- Born: 4 September 1972 (age 53) Zenica, SR Bosnia and Herzegovina, SFR Yugoslavia
- Occupations: Novelist, short-story writer
- Writing career
- Language: Serbian
- Genres: romance, erotic

= Anabela Basalo =

Serbian writer

Anabela Basalo (Анабела Басало) (born 4 September 1972) is a Serbian romance writer.

==Biography==
Basalo was born in Zenica. She graduated from the Third Gymnasium in Belgrade, and began studies of biology, which she never finished.

Before she wrote his first book she worked as a seller, waitress, held her own coffeehouse, and worked in the time-share business. Basalo responded to an ad where the girls were asked to work on phone sex lines – to read erotic stories – reportedly with desire to write them. After seven years writing the story was mature enough for the novel.
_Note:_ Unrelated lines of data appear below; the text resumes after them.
(* Let $p,q\ge1$, $N>\max(p,q)$, let $\mu$ be a $q\times p$ matrix of measures, and assume $\mathscr M_N$ admits a Gauss--Borel factorization $\mathscr M_N=\mathscr L_N^{-1}\mathscr U_N^{-1}$ (with $\mathscr L_n,\mathscr U_n$, $n\le N$, the leading principal submatrices). Define \[\mathscr T_N:=\mathscr L_N\Lambda^{[N,N+q]}_{[q]}\mathscr M^{[N+q,N]}\mathscr U_N,\quad \mathscr T^{[N-q,N]}:=\mathscr L_{N-q}\Lambda^{[N-q,N]}_{[q]}\mathscr L_N^{-1},\quad \mathscr T^{[N,N-p]}:=\mathscr U_N^{-1}\big(\Lambda^{[N-p,N]}_{[p]}\big)^\top\mathscr U_{N-p}.\] Then $\mathscr T_N\in\mathbb R^{N\times N}$, $\mathscr T^{[N-q,N]}\in\mathbb R^{(N-q)\times N}$ and $\mathscr T^{[N,N-p]}\in\mathbb R^{N\times(N-p)}$ are banded matrices with $q$ superdiagonals and $p$ subdiagonals, i.e. their $(i,j)$ entries vanish unless $-p\le j-i\le q$.
   Context: All matrices are indexed from $0$. $\mu$ is a $q\times p$ matrix of real measures with finite moments. For $r,n\ge1$, $X^{[n]}_{[r]}(x)$ is the $n\times r$ matrix whose row $k$ is $x^{\lfloor k/r\rfloor}e_{k\bmod r}^\top$ ($e_0,\dots,e_{r-1}$ standard basis of $\mathbb R^r$). Moment matrices: $\mathscr M^{[n,m]}=\int X^{[n]}_{[q]}\,\mathrm d\mu\,(X^{[m]}_{[p]})^\top$, $\mathscr M_n=\mathscr M^{[n,n]}$. Gauss--Borel factorization: $\mathscr M_N=\mathscr L_N^{-1}\mathscr U_N^{-1}$, $\mathscr L_N$ nonsingular lower triangular, $\mathscr U_N$ nonsingular upper triangular. For $r,n\ge1$, $\Lambda^{[n,n+r]}_{[r]}$ is the $n\times(n+r)$ matrix with entries $\delta_{j,i+r}$. *)

From HB Require Import structures.
From mathcomp Require Import all_boot all_order all_algebra.
From mathcomp Require Import all_classical all_reals all_analysis.
Set Implicit Arguments. Unset Strict Implicit. Unset Printing Implicit Defensive.
Import Order.TTheory GRing.Theory Num.Theory.
Local Open Scope ring_scope.

(* A real (signed) measure on R, given by its Jordan-type decomposition
   mu = muP - muN into two (positive) measures on the Borel sets of R. *)
Definition signed_int (R : realType)
  (muP muN : {measure set R -> \bar R}) (f : R -> R) : R :=
  Rintegral muP setT f - Rintegral muN setT f.

Definition finite_moments (R : realType) (mu : {measure set R -> \bar R}) :=
  forall j : nat, mu.-integrable setT (fun x : R => (x ^+ j)%:E).

Definition Xmat (R : realType) (r n : nat) (x : R) : 'M[R]_(n, r) :=
  \matrix_(k < n, a < r) (if (k %% r)%N == (a : nat) then x ^+ (k %/ r) else 0).

(* M^{[n,m]} = \int X^{[n]}_{[q]} dmu (X^{[m]}_{[p]})^T, entrywise *)
Definition moment_mx (R : realType) (q p : nat)
  (muP muN : 'I_q -> 'I_p -> {measure set R -> \bar R}) (n m : nat)
  : 'M[R]_(n, m) :=
  \matrix_(k < n, l < m)
    \sum_(a < q) \sum_(b < p)
      signed_int (muP a b) (muN a b)
        (fun x => Xmat q n x k a * Xmat p m x l b).

Definition Lambda (R : ringType) (r n m : nat) : 'M[R]_(n, m) :=
  \matrix_(i < n, j < m) (((j : nat) == i + r)%N)%:R.

Definition mxnat (R : ringType) (m n : nat) (A : 'M[R]_(m, n)) (i j : nat) : R :=
  match @insub _ (fun k => (k < m)%N) 'I_m i, @insub _ (fun k => (k < n)%N) 'I_n j with
  | Some i', Some j' => A i' j'
  | _, _ => 0
  end.

Definition lead (R : ringType) (N : nat) (n : nat) (A : 'M[R]_N) : 'M[R]_n :=
  \matrix_(i < n, j < n) mxnat A i j.

Definition lower_tri (R : ringType) (n : nat) (A : 'M[R]_n) :=
  forall i j : 'I_n, (i < j)%N -> A i j = 0.
Definition upper_tri (R : ringType) (n : nat) (A : 'M[R]_n) :=
  forall i j : 'I_n, (j < i)%N -> A i j = 0.

Definition banded (R : ringType) (p q m n : nat) (A : 'M[R]_(m, n)) :=
  forall (i : 'I_m) (j : 'I_n),
    ~~ ((i <= j + p)%N && (j <= i + q)%N) -> A i j = 0.
Arguments Lambda {R} r n m.

From HB Require Import structures.
From mathcomp Require Import all_boot all_order all_algebra.
From mathcomp Require Import all_classical all_reals all_analysis.
From mathcomp Require Import zify.
Set Implicit Arguments. Unset Strict Implicit. Unset Printing Implicit Defensive.
Import Order.TTheory GRing.Theory Num.Theory.
Local Open Scope ring_scope.

(* The moments have a block Hankel symmetry: shifting the rows of the moment matrix by q is
   the same as shifting its columns by p, Lambda_q M^[n+q,m] = M^[n,m+p] (Lambda_p)^T.
   The Gauss-Borel factorization makes L M^[N,m] upper and M^[m,N] U lower triangular (for
   m = N they are U^-1 and L^-1, and every entry that must vanish lies in that N x N block).
   Each of the three matrices is written in two ways as a product of triangular factors,
   shifts Lambda and one of L M^[N,m], M^[m,N] U; since bandwidths add under multiplication,
   one form bounds the superdiagonals by q and the other the subdiagonals by p. *)

Section Bands.
Variable R : nzRingType.
(* There is an absolute constant $\bar\epsilon>0$ with the following property. Let $T>0$, $\delta_1>0$, and let $a,b,c$ be real-valued bounded functions on $[0,T]\times\mathbb R^n\times\mathbb R^n$ such that $b(t,x,\xi)\ge\delta_1 t$, $|ac|\le\bar\epsilon\,b^2$ and $|c|\le\bar\epsilon\,b^{3/2}$ everywhere. Then there exists $\epsilon_1>0$ such that the symmetric matrix $S-\epsilon_1 t\,\mathrm{diag}(1,1,b)$ is positive semidefinite at every $(t,x,\xi)\in[0,T]\times\mathbb R^n\times\mathbb R^n$, where $$S=\frac13\begin{pmatrix}3&2a&-b\\ 2a&2(a^2+b)&-ab-3c\\ -b&-ab-3c&b^2-2ac\end{pmatrix}.$$ *)

(* the statement is pointwise algebraic, stated over any real closed field. *)
From HB Require Import structures.
From mathcomp Require Import all_boot all_order all_algebra.
Set Implicit Arguments. Unset Strict Implicit. Unset Printing Implicit Defensive.
Import Order.TTheory GRing.Theory Num.Theory.
Local Open Scope ring_scope.

Definition Smat (R : fieldType) (a b c : R) : 'M[R]_3 :=
  \matrix_(i < 3, j < 3)
    (3%:R^-1 * match nat_of_ord i, nat_of_ord j with
     | 0, 0 => 3%:R
     | 0, 1 | 1, 0 => 2%:R * a
     | 0, 2 | 2, 0 => - b
     | 1, 1 => 2%:R * (a ^+ 2 + b)
     | 1, 2 | 2, 1 => - (a * b) - 3%:R * c
     | _, _ => b ^+ 2 - 2%:R * a * c
     end).

Definition Dmat (R : nzRingType) (b : R) : 'M[R]_3 :=
  diag_mx (\row_(i < 3) (if nat_of_ord i == 2%N then b else 1)).

Definition psd (R : numDomainType) (m : nat) (M : 'M[R]_m) : Prop :=
  forall v : 'cV[R]_m, 0 <= (v^T *m M *m v) 0 0.

(* Completing squares, 3 v^T S v = 3 L^2 + 2/3 (a y - b z / 2)^2 + 2/3 Q(y, z) with
   L = x + 2/3 a y - b/3 z and Q(y, z) = 3 b y^2 - 9 c y z + (3/4 b^2 - 3 a c) z^2.
   The smallness of c and a c with respect to b makes Q dominate 2 b y^2 + b^2 z^2 / 2,
   so v^T S v >= L^2 + 4/9 b y^2 + 1/9 b^2 z^2.  Writing x = L - 2/3 a y + b/3 z gives
   x^2 + y^2 + b z^2 <= 3 L^2 + (4/3 a^2 + 1) y^2 + (b^2/3 + b) z^2, and comparing the
   coefficients shows that S - u diag(1, 1, b) is positive semidefinite as soon as
   u (3 a^2 + 3 b + 9) <= b.  Since b >= delta1 t and a, b are bounded, u = eps1 t
   qualifies for eps1 = delta1 / (3 sup a^2 + 3 sup |b| + 9). *)

From HB Require Import structures.
From mathcomp Require Import all_boot all_order all_algebra.
From mathcomp Require Import ring lra.
Import Order.TTheory GRing.Theory Num.Theory.
Local Open Scope ring_scope.

Definition Sform {R : comPzRingType} (a b c x y z : R) : R :=
  3 * x ^+ 2 + 4 * a * x * y - 2 * b * x * z + 2 * (a ^+ 2 + b) * y ^+ 2
  - 2 * (a * b + 3 * c) * y * z + (b ^+ 2 - 2 * a * c) * z ^+ 2.

Lemma Smat_Dmat_quadE (R : fieldType) (a b c u : R) (v : 'cV[R]_3) :
  (v^T *m (Smat a b c - u *: Dmat b) *m v) 0 0 =
  3^-1 * Sform a b c (v 0 0) (v 1 0) (v 2 0)
  - u * (v 0 0 ^+ 2 + v 1 0 ^+ 2 + b * v 2 0 ^+ 2).
Proof.
rewrite !mxE !big_ord_recr !big_ord0 /= !mxE !big_ord_recr !big_ord0 /=.
rewrite !mxE /= mulr0n mulr1n /Sform.
have -> : widen_ord (leqnSn 2) (widen_ord (leqnSn 1) ord_max) = 0 :> 'I_3
  by apply/val_inj.
have -> : widen_ord (leqnSn 2) ord_max = 1 :> 'I_3 by apply/val_inj.
have -> : ord_max = 2 :> 'I_3 by apply/val_inj.
ring.
Qed.

Section RealField.
Variable R : realFieldType.
Implicit Types a b c e s u x y z : R.

Lemma sqrD3_le x y z : (x + y + z) ^+ 2 <= 3 * (x ^+ 2 + y ^+ 2 + z ^+ 2).
Proof. have := sqr_ge0 (x - y); have := sqr_ge0 (y - z); have := sqr_ge0 (x - z); lra. Qed.

Lemma cross_term_le e s b c y z : 0 <= e -> 0 <= s -> s ^+ 2 = b ->
  `|c| <= e * (b * s) -> `|c * y * z| *+ 2 <= e * (b * y ^+ 2 + b ^+ 2 * z ^+ 2).
Proof.
move=> e_ge0 s_ge0 sb hc; set p := s * `|y|; set q := b * `|z|.
have cyz_le : `|c * y * z| <= e * (p * q).
  rewrite !normrM /p /q.
  have := ler_wpM2r (normr_ge0 z) (ler_wpM2r (normr_ge0 y) hc); lra.
have amgm : (p * q) *+ 2 <= b * y ^+ 2 + b ^+ 2 * z ^+ 2.
  have p2 : p ^+ 2 = b * y ^+ 2 by rewrite exprMn sb real_normK ?num_real.
  have q2 : q ^+ 2 = b ^+ 2 * z ^+ 2 by rewrite exprMn real_normK ?num_real.
  by rewrite -p2 -q2; have := sqr_ge0 (p - q); rewrite sqrrB; lra.
have := ler_wpM2l e_ge0 amgm; rewrite mulrnAr; lra.
Qed.

Lemma Sform_ge a b c s x y z : 0 <= s -> s ^+ 2 = b ->
    `|a * c| <= 100^-1 * b ^+ 2 -> `|c| <= 100^-1 * (b * s) ->
  3 * (x + 2 / 3 * a * y - b / 3 * z) ^+ 2 + 4 / 3 * b * y ^+ 2
    + 3^-1 * b ^+ 2 * z ^+ 2 <= Sform a b c x y z.
Proof.
move=> s_ge0 sb hac hc.
have b_ge0 : 0 <= b by rewrite -sb sqr_ge0.
have e_ge0 : 0 <= 100^-1 :> R by rewrite invr_ge0 ler0n.
have hcyz := cross_term_le _ _ _ _ y z e_ge0 s_ge0 sb hc.
have cyz_le := ler_norm (c * y * z).
have acz_le := ler_wpM2r (sqr_ge0 z) (le_trans (ler_norm (a * c)) hac).
have := mulr_ge0 b_ge0 (sqr_ge0 y); have := sqr_ge0 (b * z).
have := sqr_ge0 (a * y - b / 2 * z).
have -> : Sform a b c x y z = 3 * (x + 2 / 3 * a * y - b / 3 * z) ^+ 2
    + 2 / 3 * (a * y - b / 2 * z) ^+ 2 + 2 / 3 * (3 * b * y ^+ 2
    - 9 * (c * y * z) + (3 / 4 * b ^+ 2 - 3 * (a * c)) * z ^+ 2).
  by rewrite /Sform; field.
rewrite exprMn; lra.
Qed.

Lemma psd_Smat_subD a b c s u : 0 <= s -> s ^+ 2 = b ->
    `|a * c| <= 100^-1 * b ^+ 2 -> `|c| <= 100^-1 * (b * s) ->
    0 <= u -> u * (3 * a ^+ 2 + 3 * b + 9) <= b ->
  psd (Smat a b c - u *: Dmat b).
Proof.
move=> s_ge0 sb hac hc u_ge0 hu v; rewrite Smat_Dmat_quadE.
move: (v 0 0) (v 1 0) (v 2 0) => x y z.
have b_ge0 : 0 <= b by rewrite -sb sqr_ge0.
have Sge := Sform_ge _ _ _ _ x y z s_ge0 sb hac hc.
have x2_le : x ^+ 2 <= 3 * ((x + 2 / 3 * a * y - b / 3 * z) ^+ 2
    + (2 / 3 * a * y) ^+ 2 + (b / 3 * z) ^+ 2).
  have := sqrD3_le (x + 2 / 3 * a * y - b / 3 * z) (- (2 / 3 * a * y)) (b / 3 * z).
  by rewrite sqrrN; lra.
have w_gt0 : 0 < 3 * a ^+ 2 + 3 * b + 9 by have := sqr_ge0 a; lra.
have u_le : u <= 3^-1.
  rewrite -(ler_pM2r w_gt0); have := sqr_ge0 a; lra.
have coefL : 0 <= (3^-1 - u) * (x + 2 / 3 * a * y - b / 3 * z) ^+ 2.
  by apply: mulr_ge0 _ (sqr_ge0 _); rewrite subr_ge0.
have coefy : 0 <= (4 / 9 * b - u * (4 / 3 * a ^+ 2 + 1)) * y ^+ 2.
  by apply: mulr_ge0 _ (sqr_ge0 y); have := mulr_ge0 u_ge0 b_ge0; lra.
have coefz : 0 <= b * (b - u * (3 * b + 9)) * z ^+ 2.
  have : 0 <= b - u * (3 * b + 9) by have := mulr_ge0 u_ge0 (sqr_ge0 a); lra.
  by move=> h; rewrite mulr_ge0 ?sqr_ge0 ?mulr_ge0.
have := ler_wpM2l u_ge0 x2_le; rewrite !exprMn; lra.
Qed.
End RealField.

Theorem mainTheorem4 :
  exists epsbar : rat, 0 < epsbar /\
  forall (R : rcfType) (n : nat) (T delta1 : R)
         (a b c : R -> 'rV[R]_n -> 'rV[R]_n -> R),
    0 < T -> 0 < delta1 ->
    (exists M : R, forall t x xi, 0 <= t <= T -> `|a t x xi| <= M) ->
    (exists M : R, forall t x xi, 0 <= t <= T -> `|b t x xi| <= M) ->
    (exists M : R, forall t x xi, 0 <= t <= T -> `|c t x xi| <= M) ->
    (forall t x xi, 0 <= t <= T -> delta1 * t <= b t x xi) ->
    (forall t x xi, 0 <= t <= T ->
       `|a t x xi * c t x xi| <= ratr epsbar * b t x xi ^+ 2) ->
    (forall t x xi, 0 <= t <= T ->
       `|c t x xi| <= ratr epsbar * (b t x xi * Num.sqrt (b t x xi))) ->
    exists eps1 : R, 0 < eps1 /\
      forall t x xi, 0 <= t <= T ->
        psd (Smat (a t x xi) (b t x xi) (c t x xi)
             - (eps1 * t) *: Dmat (b t x xi)).
Proof.
exists 100^-1; split; first by rewrite invr_gt0 ltr0n.
move=> R n T d1 a b c _ d1_gt0 [Ma hMa] [Mb hMb] _ b_lb hac hc.
have epsE : ratr (100^-1 : rat) = 100^-1 :> R by rewrite fmorphV rmorph_nat.
pose W := 3 * Ma ^+ 2 + 3 * `|Mb| + 9.
have W_gt0 : 0 < W by rewrite /W; have := sqr_ge0 Ma; have := normr_ge0 Mb; lra.
exists (d1 / W); split; first exact: divr_gt0.
move=> t x xi ht; have /andP[t_ge0 _] := ht.
have b_ge0 : 0 <= b t x xi.
  exact: le_trans (mulr_ge0 (ltW d1_gt0) t_ge0) (b_lb _ _ _ ht).
have a2_le : a t x xi ^+ 2 <= Ma ^+ 2.
  by rewrite -real_normK ?num_real // ler_pM ?normr_ge0 ?hMa.
have b_le : b t x xi <= `|Mb|.
  exact: le_trans (ler_norm _) (le_trans (hMb _ _ _ ht) (ler_norm _)).
have u_ge0 : 0 <= d1 / W * t by rewrite mulr_ge0 // divr_ge0 // ltW.
apply: (@psd_Smat_subD _ _ _ _ (Num.sqrt (b t x xi))) => //.
- exact: sqrtr_ge0.
- exact: sqr_sqrtr.
- by rewrite -epsE hac.
- by rewrite -epsE hc.
have /(ler_wpM2l u_ge0) : 3 * a t x xi ^+ 2 + 3 * b t x xi + 9 <= W.
  by rewrite /W; lra.
have -> : d1 / W * t * W = d1 * t by field; rewrite gt_eqF.
by move/le_trans; apply; apply: b_lb.
Qed.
She would later describe her romantic life to Stil, saying "My love story resembles the film Boulevard of the Revolution. I met my current choice when I was eighteen and we were in a relationship for a month. At the time, he was the seducer, and I was the nice girl who had to come home by midnight... Years later, whenever I walked through the street where he lives, I'd remember him, but nothing more than that. However, after eighteen full years, he simply remembered me and called me on the phone, and after a few hours of conversation, we decided to see each other and the emotions between us woke up again. Three days later, he knelt in front of me on the street and proposed to me, and after just a month, I remained in a different state."

==Works==
Basalo attracted attention with her first novel, Žena s greškom (Woman with Error). Not long after it she published another novel, Peta ljubav (Fifth Love). Since then, she published novels Erotske price (Erotic Stories), Tajne ženskih jastuka (Secrets of Women Pillows), etc.

Considered a "controversial writer" by some critics, Basalo's books reference ideas of male domination, the world of money, power and urban Belgrade. Although her novels talk about sex, central themes in her books include searching for identity, loneliness, environment, and what happens when someone decides to be different. Including when writing for women magazines, Basalo writes honestly about male-female relations.

Critics have also described her as an "author of a special sensibility, devoted to the personal understanding of the position of women in the world of men."

Basalo retired in 2011.

==Trivia==
In April 2004, she posed for the Serbian version of Playboy.

In April 2008, she participated in a campaign of gay organization Queeria named "Love on the streets! Hooligans in prisons!".